▶ _YOUR INSTRUCTIONS_: Please reproduce the line containing "From mathcomp Require" and every line after it in the records below, exactly and with nothing else.

▶ _GIVEN ENTRIES_:
◇ ◇ ◇ ◇ ◇

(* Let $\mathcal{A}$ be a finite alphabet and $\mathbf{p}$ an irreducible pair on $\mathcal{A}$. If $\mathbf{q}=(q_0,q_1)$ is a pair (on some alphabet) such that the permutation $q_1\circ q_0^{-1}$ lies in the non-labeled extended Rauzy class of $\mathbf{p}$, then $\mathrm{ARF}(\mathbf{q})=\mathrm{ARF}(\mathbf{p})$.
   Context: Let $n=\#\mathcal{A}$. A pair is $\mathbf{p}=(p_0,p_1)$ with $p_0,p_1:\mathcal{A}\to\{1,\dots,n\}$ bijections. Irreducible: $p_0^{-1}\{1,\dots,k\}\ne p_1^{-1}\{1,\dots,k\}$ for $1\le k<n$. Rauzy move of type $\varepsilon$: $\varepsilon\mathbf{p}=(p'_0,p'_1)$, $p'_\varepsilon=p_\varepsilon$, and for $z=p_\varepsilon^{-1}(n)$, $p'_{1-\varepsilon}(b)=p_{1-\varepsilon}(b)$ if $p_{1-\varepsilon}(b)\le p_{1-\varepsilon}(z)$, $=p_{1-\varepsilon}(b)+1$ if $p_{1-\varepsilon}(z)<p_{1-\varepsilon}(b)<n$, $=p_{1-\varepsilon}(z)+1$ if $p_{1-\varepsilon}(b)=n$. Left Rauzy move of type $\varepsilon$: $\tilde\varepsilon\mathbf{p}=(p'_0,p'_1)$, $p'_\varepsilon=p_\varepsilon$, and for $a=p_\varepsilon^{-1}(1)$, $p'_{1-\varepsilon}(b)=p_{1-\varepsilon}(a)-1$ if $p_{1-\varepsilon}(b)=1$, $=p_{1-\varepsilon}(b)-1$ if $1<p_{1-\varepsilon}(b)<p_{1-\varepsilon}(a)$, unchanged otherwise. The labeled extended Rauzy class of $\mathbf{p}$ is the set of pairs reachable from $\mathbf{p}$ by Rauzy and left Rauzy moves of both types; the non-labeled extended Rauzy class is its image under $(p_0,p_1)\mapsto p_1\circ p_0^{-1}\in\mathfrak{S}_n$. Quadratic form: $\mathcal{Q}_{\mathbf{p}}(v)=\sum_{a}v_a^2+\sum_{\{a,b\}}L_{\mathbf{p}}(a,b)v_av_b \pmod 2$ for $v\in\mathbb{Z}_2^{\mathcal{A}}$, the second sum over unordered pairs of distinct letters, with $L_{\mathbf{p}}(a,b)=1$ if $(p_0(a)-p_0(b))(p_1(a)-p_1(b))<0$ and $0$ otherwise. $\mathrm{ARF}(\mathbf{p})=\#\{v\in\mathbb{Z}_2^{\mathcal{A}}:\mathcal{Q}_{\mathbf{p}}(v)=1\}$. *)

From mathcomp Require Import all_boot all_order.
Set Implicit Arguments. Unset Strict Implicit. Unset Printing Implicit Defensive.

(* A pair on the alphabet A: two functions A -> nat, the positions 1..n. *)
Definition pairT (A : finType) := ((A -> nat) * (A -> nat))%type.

◇ ◇ ◇ ◇ ◇

▶ _WRITTEN REPLY_:
From mathcomp Require Import all_boot all_order.
Set Implicit Arguments. Unset Strict Implicit. Unset Printing Implicit Defensive.

(* A pair on the alphabet A: two functions A -> nat, the positions 1..n. *)
Definition pairT (A : finType) := ((A -> nat) * (A -> nat))%type.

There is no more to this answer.